Now he looks up at Sherlock, who sits across from him at their cluttered kitchen table, and he knows what this is, and he knows what he feels.

"Sherlock," John mimics his deeply annoyed baritone, and Sherlock smiles.

"Tell me," He says, again, reaching across the table to nudge a single bony knuckle against the back of John's hand. John sighs, looks down at his cup of tea as he rolls it between his palms.

"It's to do with you, yeah. I'm not sure you'll want to hear it, Sherlock," He hasn't looked up, gaze still locked on the swirling milky liquid in his cup. Time seems to drip by in tense silence, and he closes his eyes briefly against the eventual scrape of Sherlock's chair over the kitchen floor, sees the man rise to his full height in his periphery. He can feel his the heat of his body as he looms behind John's chair, a few interminable seconds ticking by before there are cool fingers on his neck, sliding up to cup his jaw and tip his head back. John stares wide eyed up at Sherlock, whose pale, earnest face is hovering—upside down—above him, curls tumbling out of place as the two of them remain paralyzed by lingering uncertainty.

"Am I wrong?" Sherlock's voice is a whisper, hot breath just barely ghosting over John's parted mouth. He presses his lips together, swallows, shakes his head where it's still cradled between two narrow palms.

Sherlock grins, tongue darting out to wet his lips as he leans forward and kisses him. And it's tentative, soft, but Sherlock's grip is strong—and they're turned the wrong way but god, it doesn't feel wrong. John slides his hands over spindly fingers, pries them gently away and stands, immediately reaching out just as both elegant hands return to cup his neck. Tripping forward, they haul each other in, fingers digging into flesh and mouths speaking silent vows and long-overdue declarations.

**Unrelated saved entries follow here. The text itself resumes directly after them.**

Lemma vnorm_mulmx_le X x : vnorm (X *m x) <= opnorm X * vnorm x.
Proof.
have [->|x0] := eqVneq x 0; first by rewrite mulmx0 vnorm0 mulr0.
have x_gt0 : 0 < vnorm x by rewrite lt_def vnorm_eq0 x0 vnorm_ge0.
set y := (vnorm x)^-1 *: x.
have y1 : vnorm y = 1 by rewrite vnormZ ger0_norm ?invr_ge0 ?vnorm_ge0 ?mulVf ?gt_eqF.
have Xy : unit_image X (vnorm (X *m y)) by exists y.
have := sup_upper_bound (unit_image_has_sup (ex_intro _ _ Xy)) Xy.
rewrite -scalemxAr vnormZ ger0_norm ?invr_ge0 ?vnorm_ge0 // mulrC.
by rewrite -ler_pdivrMr.
Qed.

Lemma opnorm_le X b :
  0 <= b -> (forall x, vnorm (X *m x) <= b * vnorm x) -> opnorm X <= b.
Proof.
move=> b_ge0 Xb; rewrite /opnorm -/(unit_image X).
have [->|/set0P ne] := eqVneq (unit_image X) set0%classic; first by rewrite sup0.
by apply: ge_sup => // _ [x x1 <-]; rewrite -[b]mulr1 -x1.
Qed.

Lemma opnorm_trmx_le X : opnorm X^T <= opnorm X.
Proof.
apply: opnorm_le (opnorm_ge0 X) _ => x; set v := X^T *m x.
have sq : vnorm v ^+ 2 <= opnorm X * vnorm x * vnorm v.
  rewrite vnorm_sq {2}/v dotv_mulmx trmxK.
  apply: le_trans (ler_norm _) _; apply: le_trans (cauchy_schwarz _ _) _.
  by rewrite mulrAC ler_wpM2r ?vnorm_ge0 ?vnorm_mulmx_le.
have [->|v0] := eqVneq (vnorm v) 0; first by rewrite mulr_ge0 ?opnorm_ge0 ?vnorm_ge0.
by rewrite expr2 ler_pM2r ?lt_def ?v0 ?vnorm_ge0 in sq.
Qed.

Lemma opnorm_trmx X : opnorm X^T = opnorm X.
Proof.
by apply/eqP; rewrite eq_le opnorm_trmx_le /= -{1}[X]trmxK opnorm_trmx_le.
Qed.

Lemma opnorm_mulmx_le X Y : opnorm (X *m Y) <= opnorm X * opnorm Y.
Proof.
apply: opnorm_le => [|x]; first by rewrite mulr_ge0 ?opnorm_ge0.
rewrite -mulmxA -mulrA; apply: le_trans (vnorm_mulmx_le _ _) _.
by rewrite ler_wpM2l ?opnorm_ge0 ?vnorm_mulmx_le.
Qed.

End OperatorNorm.

Section ObliqueProjection.
Variables (R : realType) (n : nat) (p q : 'cV[R]_n) (c : R).
Local Notation Pq := (1%:M - c^-1 *: (p *m q^T)).

Lemma proj_mulmx x : Pq *m x = x - (c^-1 * dotv q x) *: p.
Proof.
rewrite mulmxBl mul1mx -scalemxAl -mulmxA trmx_mulmx_dotv mul_mx_scalar.
by rewrite scalerA mulrC.
Qed.

Lemma proj_perp x : c = dotv q p -> c != 0 -> perp q (Pq *m x).
Proof.
move=> qp c0; rewrite /perp /= proj_mulmx dotvBl dotvZl (dotvC x) (dotvC p) -qp.
by rewrite mulrAC mulVf // mul1r subrr.
Qed.

Lemma proj_id x : perp q x -> Pq *m x = x.
Proof. by rewrite /perp /= proj_mulmx dotvC => ->; rewrite mulr0 scale0r subr0. Qed.

Lemma proj_mulmx_id (Y : 'M[R]_n) : (forall x, perp q (Y *m x)) -> Pq *m Y = Y.
Proof. by move=> qY; apply: eq_mx_cV => x; rewrite -mulmxA proj_id. Qed.

Lemma mulmx_proj_id (T : 'M[R]_n) : T *m p = 0 -> T *m Pq = T.
Proof.
by move=> Tp; rewrite mulmxBr mulmx1 -scalemxAr mulmxA Tp mul0mx scaler0 subr0.
Qed.

End ObliqueProjection.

"God, Sherlock," John breathes, pressing his nose into the dip of pale skin at the base of Sherlock's throat. He slides his palms from the twist of curls they're buried in to wrap instead around the small of his best friend's back. "I think this could work."

He feels Sherlock smile against his forehead, feels him sigh and shift and relax in John's hold. He traces the bumps of John's spine with his fingertips, making him feel cherished, and unquestionably whole.

"I've always known that, John," He says haughtily, still smiling and pressing two brief kisses to John's forehead before enveloping him in both strong arms. "I've been waiting on you."